Saved data entries:
——————————

Lemma spectral_row_eigen i : row i P *m Ac = d 0 i *: row i P.
Proof.
have /orthomx_spectralP Ac_eq := hermitian_normalmx complexified_hermitian.
have PAc : P *m Ac = diag_mx d *m P.
  by rewrite [in LHS]Ac_eq !mulmxA mulmxV ?spectral_unit // mul1mx.
by rewrite -row_mul PAc mul_diag_mx; apply/rowP => j; rewrite !mxE.
Qed.

Lemma spectral_row_neq0 i : row i P != 0.
Proof.
apply: contraTneq isT => Pi0.
have := congr1 (mulmx^~ (invmx P)) Pi0.
rewrite -row_mul mulmxV ?spectral_unit // mul0mx row1 => /rowP /(_ i).
by rewrite !mxE !eqxx => /eqP; rewrite oner_eq0.
Qed.

Lemma spectral_diag_eigenvalue i :
  exists2 r : R, d 0 i = real_complex R r & eigenvalue A r.
Proof.
have /complex_realP [r dr] : d 0 i \is Num.real.
  exact: mxOverP (hermitian_spectral_diag_real complexified_hermitian) 0 i.
exists r => //; rewrite -(eigenvalue_map (real_complex R)) -/Ac.
apply/eigenvalueP; exists (row i P); last exact: spectral_row_neq0.
by rewrite spectral_row_eigen dr.
Qed.

(* A real symmetric matrix whose eigenvalues are among l1, l2 satisfies
   (A - l1 I)(A - l2 I) = 0: the product kills every row of P, and P is invertible. *)
Lemma sym_two_eigenvalues_annihilate (l1 l2 : R) :
  (forall a, eigenvalue A a -> a = l1 \/ a = l2) ->
  (A - l1%:M) *m (A - l2%:M) = 0.
Proof.
move=> eigA; apply: (@map_mx_inj _ _ (real_complex R)).
rewrite map_mxM !map_mxB !map_scalar_mx map_mx0 -/Ac.
set M := _ *m _.
have shift c i : row i P *m (Ac - c%:M) = (d 0 i - c) *: row i P.
  by rewrite mulmxBr spectral_row_eigen mul_mx_scalar scalerBl.
have PM0 : P *m M = 0.
  apply/row_matrixP => i; rewrite row_mul row0 mulmxA shift -scalemxAl shift scalerA.
  have [r -> /eigA [] ->] := spectral_diag_eigenvalue i.
  - by rewrite subrr mul0r scale0r.
  - by rewrite subrr mulr0 scale0r.
by rewrite -[M]mul1mx -(mulVmx (spectral_unit Ac)) -mulmxA PM0 mulmx0.
Qed.
(* Let $D$ be a quasilocal API-domain with quotient field $K$ and let $L$ be a subfield of $K$. Then $D\cap L$ is a quasilocal API-domain.
   Context: An API-domain is an integral domain in which for every nonempty subset $\{d_\alpha\}$ of nonzero elements there is a natural number $n$ with the ideal generated by $\{d_\alpha^n\}$ principal. Quasilocal: unique maximal ideal. *)

(* Integral domains are modeled as subrings of a field K,
   given by (Prop-valued) predicates on K. *)
From mathcomp Require Import all_boot all_algebra.
Set Implicit Arguments. Unset Strict Implicit. Unset Printing Implicit Defensive.
Import GRing.Theory.
Local Open Scope ring_scope.

Section Defs.
Variable K : fieldType.

Definition is_subring (S : K -> Prop) : Prop :=
  [/\ S 0, S 1, (forall x y, S x -> S y -> S (x - y))
    & (forall x y, S x -> S y -> S (x * y))].

Definition is_subfield (L : K -> Prop) : Prop :=
  is_subring L /\ (forall x, L x -> x != 0 -> L x^-1).

Definition is_quotient_field (D : K -> Prop) : Prop :=
  forall x : K, exists a b, [/\ D a, D b, b != 0 & x = a / b].

Definition in_ideal_gen (S A : K -> Prop) (x : K) : Prop :=
  exists s : seq (K * K),
    (forall p, p \in s -> S p.1 /\ A p.2) /\
    x = \sum_(p <- s) p.1 * p.2.

Definition principal_in (S I : K -> Prop) : Prop :=
  exists g, S g /\ forall x, I x <-> exists r, S r /\ x = r * g.

Definition API_domain (S : K -> Prop) : Prop :=
  forall A : K -> Prop, (exists a, A a) -> (forall a, A a -> S a /\ a != 0) ->
    exists n : nat, (0 < n)%N /\
      principal_in S (in_ideal_gen S (fun y => exists d, A d /\ y = d ^+ n)).

Definition is_ideal (S I : K -> Prop) : Prop :=
  [/\ (forall x, I x -> S x), I 0, (forall x y, I x -> I y -> I (x + y))
    & (forall r x, S r -> I x -> I (r * x))].

Definition is_maximal_ideal (S M : K -> Prop) : Prop :=
  [/\ is_ideal S M, ~ M 1 &
    forall J, is_ideal S J -> (forall x, M x -> J x) ->
      (forall x, J x <-> M x) \/ J 1].

Definition quasilocal (S : K -> Prop) : Prop :=
  exists M, is_maximal_ideal S M /\
    forall M', is_maximal_ideal S M' -> forall x, M' x <-> M x.

End Defs.

(* Every element of a quasilocal domain D outside its maximal ideal M is a unit,
   since by Zorn's lemma every proper ideal lies in a maximal one.  Hence the
   units of D ∩ L are exactly its elements outside M ∩ L, and D ∩ L is
   quasilocal with maximal ideal M ∩ L.  If the D-ideal generated by the n-th
   powers of a set A of nonzero elements of D ∩ L is principal, writing its
   generator g as a combination of the a^n shows that one of the a^n / g is a
   unit; so the ideal is generated by some d^n with d in A.  Then every a^n / d^n
   lies in D ∩ L, and d^n generates the corresponding ideal of D ∩ L. *)
From mathcomp Require Import all_boot all_algebra.
From mathcomp Require Import boolp classical_sets.
Set Implicit Arguments. Unset Strict Implicit. Unset Printing Implicit Defensive.
Import GRing.Theory.
Local Open Scope ring_scope.
Local Open Scope classical_set_scope.

Lemma sum_closed (V : nmodType) (P : V -> Prop) (T : eqType) (s : seq T) F :
  P 0 -> (forall x y, P x -> P y -> P (x + y)) -> {in s, forall i, P (F i)} ->
  P (\sum_(i <- s) F i).
Proof. by move=> P0 PD PF; rewrite big_seq; apply: big_ind. Qed.

Section Subrings.
Variables (K : fieldType) (S : K -> Prop).
Hypothesis S_subring : is_subring S.

Lemma subringD x y : S x -> S y -> S (x + y).
Proof.
move=> Sx Sy; have [S0 _ SB _] := S_subring.
have -> : x + y = x - (0 - y) by rewrite sub0r opprK.
by apply: (SB) => //; apply: SB.
Qed.

Lemma subringX x n : S x -> S (x ^+ n).
Proof.
move=> Sx; have [_ S1 _ SM] := S_subring.
by elim: n => [|n IHn]; rewrite ?expr0 // exprS; apply: SM.
Qed.

Lemma subring_meet (T : K -> Prop) :
  is_subring T -> is_subring (fun x => S x /\ T x).
Proof.
have [S0 S1 SB SM] := S_subring; move=> [T0 T1 TB TM].
by split=> // x y [Sx Tx] [Sy Ty]; split; [apply: SB | apply: TB | apply: SM | apply: TM].
Qed.

Lemma in_ideal_gen_base (A : K -> Prop) y : A y -> in_ideal_gen S A y.
Proof.
move=> Ay; have [_ S1 _ _] := S_subring.
exists [:: (1, y)]; split; first by move=> p; rewrite inE => /eqP ->.
by rewrite big_seq1 mul1r.
Qed.

Lemma principal_in_ideal_gen (A : K -> Prop) b :
  S b -> A b -> b != 0 -> (forall y, A y -> S (y / b)) ->
  principal_in S (in_ideal_gen S A).
Proof.
move=> Sb Ab b0 Adiv; have [S0 _ _ SM] := S_subring.
exists b; split=> // x; split.
- move=> [s [sSA ->]]; exists (\sum_(p <- s) p.1 * (p.2 / b)); split.
    apply: sum_closed => // [u v|p /sSA [Sp1 Ap2]]; first exact: subringD.
    exact/SM/Adiv.
  by rewrite mulr_suml; apply: eq_bigr => p _; rewrite -mulrA divfK.
- move=> [r [Sr ->]]; exists [:: (r, b)]; rewrite big_seq1; split=> //.
  by move=> p; rewrite inE => /eqP ->.
Qed.

End Subrings.

Lemma subfield_div (K : fieldType) (L : K -> Prop) x y :
  is_subfield L -> L x -> L y -> L (x / y).
Proof.
move=> [[L0 _ _ LM] Linv] Lx Ly; apply: LM => //.
by have [->|y0] := eqVneq y 0; [rewrite invr0 | apply: Linv].
Qed.

Section Ideals.
Variables (K : fieldType) (D : K -> Prop).
Hypothesis D_subring : is_subring D.

Definition principal_ideal (x : K) : K -> Prop :=
  fun y => exists r, D r /\ y = r * x.

Lemma principal_ideal_is_ideal x : D x -> is_ideal D (principal_ideal x).
Proof.
move=> Dx; have [D0 _ _ DM] := D_subring.
split=> [_ [r [Dr ->]]|||]; first exact: DM.
- by exists 0; rewrite mul0r.
- move=> _ _ [r [Dr ->]] [s [Ds ->]].
  by exists (r + s); rewrite mulrDl; split=> //; apply: subringD.
- by move=> t _ Dt [r [Dr ->]]; exists (t * r); rewrite mulrA; split=> //; apply: DM.
Qed.

(* The empty set belongs to the Zorn family [P] (its last condition is vacuous
   for it), so that the empty chain has an upper bound. *)
Lemma ideal_sub_maximal (I : K -> Prop) :
  is_ideal D I -> ~ I 1 -> exists M, is_maximal_ideal D M /\ I `<=` M.
Proof.
move=> [ID I0 IDD IM] nI1.
pose P J := [/\ J `<=` D, ~ J 1, (forall x y, J x -> J y -> J (x + y)),
  (forall r x, D r -> J x -> J (r * x)) & (exists x, J x) -> I `<=` J].
have PI : P I by split=> // _ x.
have [A [[AD nA1 ADD AM AI] Amax]] : exists A, P A /\ forall B, A `<` B -> ~ P B.
  apply: Zorn_bigcup => F FP Ftot; split.
  - by move=> x [X /FP[XD _ _ _ _] /XD].
  - by move=> [X /FP[_ nX1 _ _ _]].
  - move=> x y [X FX Xx] [Y FY Yy].
    have [XY|YX] := Ftot X Y FX FY.
    + by exists Y => //; have [_ _ YD _ _] := FP Y FY; apply: YD => //; apply: XY.
    + by exists X => //; have [_ _ XD _ _] := FP X FX; apply: XD => //; apply: YX.
  - by move=> r x Dr [X FX Xx]; exists X => //; have [_ _ _ XM _] := FP X FX; apply: XM.
  - move=> [x [X FX Xx]] y Iy; exists X => //.
    by have [_ _ _ _ XI] := FP X FX; apply: XI => //; exists x.
have {}AI : I `<=` A.
  apply: AI; apply: contrapT => A_empty; apply: (Amax I) PI; split.
    by move=> x Ax; case: A_empty; exists x.
  by move=> /(_ 0 I0) A0; apply: A_empty; exists 0.
exists A; split=> //; split=> //; first by split=> //; apply: AI.
move=> J [JD J0 JDD JM] AJ; have [|nJ1] := pselect (J 1); [by right | left].
have PJ : P J by split=> // _ x /AI /AJ.
move=> x; split=> [Jx|/AJ//]; apply: contrapT => nAx.
by apply: (Amax J) PJ; split=> // /(_ x Jx).
Qed.

End Ideals.

Lemma quasilocal_of_nonunits_ideal (K : fieldType) (S N : K -> Prop) :
  is_ideal S N -> ~ N 1 -> (forall x, S x -> ~ N x -> S x^-1) -> quasilocal S.
Proof.
move=> HN nN1 Sinv; have [_ N0 _ _] := HN.
have proper_sub J : is_ideal S J -> ~ J 1 -> J `<=` N.
  move=> [JS _ _ JM] nJ1 x Jx; apply: contrapT => nNx; apply: nJ1.
  have x0 : x != 0 by apply: contra_notN nNx => /eqP ->.
  by rewrite -(mulVf x0); apply: JM => //; apply/Sinv/nNx/JS.
have Nmax : is_maximal_ideal S N.
  split=> // J HJ NJ; have [|nJ1] := pselect (J 1); [by right | left].
  by move=> x; split=> [/(proper_sub J HJ nJ1)|/NJ].
exists N; split=> // M [HM nM1 Mmax] x.
have MN := proper_sub M HM nM1.
by case: (Mmax N HN MN) => // NM; split=> [/MN|/NM].
Qed.

Section Quasilocal.
Variables (K : fieldType) (D M : K -> Prop).
Hypotheses (D_subring : is_subring D) (M_max : is_maximal_ideal D M).
Hypothesis M_unique : forall M', is_maximal_ideal D M' -> forall x, M' x <-> M x.

Lemma quasilocal_inv x : D x -> ~ M x -> D x^-1.
Proof.
move=> Dx nMx; have [[_ M0 _ _] _ _] := M_max; apply: contrapT => nDxi.
have x0 : x != 0 by apply: contra_notN nMx => /eqP ->.
have xD_proper : ~ principal_ideal D x 1.
  move=> [r [Dr r_x]]; apply: nDxi.
  by rewrite (_ : x^-1 = r) // -[r](mulfK x0) -r_x mul1r.
have [M' [M'max xDM']] :=
  ideal_sub_maximal (principal_ideal_is_ideal D_subring Dx) xD_proper.
by apply/nMx/(M_unique M'max)/xDM'; exists 1; rewrite mul1r; case: D_subring.
Qed.

Lemma principal_gen_by_member (B : K -> Prop) :
  (exists2 b, B b & b != 0) -> principal_in D (in_ideal_gen D B) ->
  exists2 b, B b & forall y, B y -> D (y / b).
Proof.
move=> [b0 Bb0 b0_neq0] [g [_ gB]].
have [[_ M0 MDD MM] nM1 _] := M_max; have [_ D1 _ DM] := D_subring.
have g0 : g != 0.
  have [r [_ b0E]] := (gB b0).1 (in_ideal_gen_base D_subring Bb0).
  by apply: contra_neq b0_neq0 => g0; rewrite b0E g0 mulr0.
have Bdiv y : B y -> D (y / g).
  by move=> /(in_ideal_gen_base D_subring) /gB [r [Dr ->]]; rewrite mulfK.
have [s [sB gs]] := (gB g).2 (ex_intro _ 1 (conj D1 (esym (mul1r g)))).
have [p ps nMp] : exists2 p, p \in s & ~ M (p.1 * (p.2 / g)).
  apply: contrapT => allM; apply: nM1.
  have -> : 1 = \sum_(p <- s) p.1 * (p.2 / g).
    by rewrite -(divff g0) {1}gs mulr_suml; apply: eq_bigr => p _; rewrite mulrA.
  by apply: sum_closed => // p ps; apply: contrapT => nMp; apply: allM; exists p.
have [Dp1 Bp2] := sB p ps.
have Dgp2 : D (g / p.2).
  by rewrite -invf_div; apply: quasilocal_inv => [|/(MM _ _ Dp1)//]; apply: Bdiv.
exists p.2 => // y By.
have -> : y / p.2 = y / g * (g / p.2) by rewrite mulrA divfK.
by apply: DM => //; apply: Bdiv.
Qed.

Section Contraction.
Variable L : K -> Prop.
Hypothesis L_subfield : is_subfield L.

Lemma quasilocal_contraction : quasilocal (fun x => D x /\ L x).
Proof.
have [[MD M0 MDD MM] nM1 _] := M_max; have [[L0 _ _ LM] Linv] := L_subfield.
apply: (@quasilocal_of_nonunits_ideal _ _ (fun x => M x /\ L x)).
- split=> [x [/MD]|||] //.
  + by move=> x y [Mx Lx] [My Ly]; split; [apply: MDD | exact: (subringD L_subfield.1)].
  + by move=> r x [Dr Lr] [Mx Lx]; split; [apply: MM | apply: LM].
- by case.
- move=> x [Dx Lx] nMLx; have nMx : ~ M x by move=> Mx; apply: nMLx.
  split; first exact: quasilocal_inv.
  by apply: Linv => //; apply: contra_notN nMx => /eqP ->.
Qed.

Lemma API_contraction : API_domain D -> API_domain (fun x => D x /\ L x).
Proof.
move=> D_API A [a0 Aa0] A_nz.
pose An n y := exists d, A d /\ y = d ^+ n.
have [n [n_gt0 An_principal]] := D_API A (ex_intro _ a0 Aa0)
  (fun a Aa => conj (A_nz a Aa).1.1 (A_nz a Aa).2).
have [_ [d [Ad ->]] Andiv] : exists2 b, An n b & forall y, An n y -> D (y / b).
  apply: (principal_gen_by_member _ An_principal).
  by exists (a0 ^+ n); [exists a0 | rewrite expf_neq0 // (A_nz a0 Aa0).2].
have [[Dd Ld] d_nz] := A_nz d Ad.
have E_subring := subring_meet D_subring L_subfield.1.
exists n; split=> //; apply: principal_in_ideal_gen => //.
- exact: (subringX E_subring n (conj Dd Ld)).
- by exists d.
- exact: expf_neq0.
- move=> _ [a [Aa ->]]; split; first by apply: Andiv; exists a.
  have [[_ La] _] := A_nz a Aa.
  by apply: subfield_div => //; exact: (subringX L_subfield.1).
Qed.

End Contraction.
End Quasilocal.

Theorem theorem4 (K : fieldType) (D L : K -> Prop) :
  is_subring D -> is_quotient_field D -> quasilocal D -> API_domain D ->
  is_subfield L ->
  quasilocal (fun x => D x /\ L x) /\ API_domain (fun x => D x /\ L x).
Proof.
move=> D_subring _ [M [M_max M_unique]] D_API L_subfield; split.
- exact: (quasilocal_contraction D_subring M_max M_unique L_subfield).
- exact: (API_contraction D_subring M_max M_unique L_subfield D_API).
Qed.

——————————

WHAT THE TASK REQUIRES: From the entries above, give again exactly the lines running from the line with "have [r [_ b0E]]" to the line with "Lemma quasilocal_contraction : quasilocal"; include both of those lines.

TASK RESPONSE:
  have [r [_ b0E]] := (gB b0).1 (in_ideal_gen_base D_subring Bb0).
  by apply: contra_neq b0_neq0 => g0; rewrite b0E g0 mulr0.
have Bdiv y : B y -> D (y / g).
  by move=> /(in_ideal_gen_base D_subring) /gB [r [Dr ->]]; rewrite mulfK.
have [s [sB gs]] := (gB g).2 (ex_intro _ 1 (conj D1 (esym (mul1r g)))).
have [p ps nMp] : exists2 p, p \in s & ~ M (p.1 * (p.2 / g)).
  apply: contrapT => allM; apply: nM1.
  have -> : 1 = \sum_(p <- s) p.1 * (p.2 / g).
    by rewrite -(divff g0) {1}gs mulr_suml; apply: eq_bigr => p _; rewrite mulrA.
  by apply: sum_closed => // p ps; apply: contrapT => nMp; apply: allM; exists p.
have [Dp1 Bp2] := sB p ps.
have Dgp2 : D (g / p.2).
  by rewrite -invf_div; apply: quasilocal_inv => [|/(MM _ _ Dp1)//]; apply: Bdiv.
exists p.2 => // y By.
have -> : y / p.2 = y / g * (g / p.2) by rewrite mulrA divfK.
by apply: DM => //; apply: Bdiv.
Qed.

Section Contraction.
Variable L : K -> Prop.
Hypothesis L_subfield : is_subfield L.

Lemma quasilocal_contraction : quasilocal (fun x => D x /\ L x).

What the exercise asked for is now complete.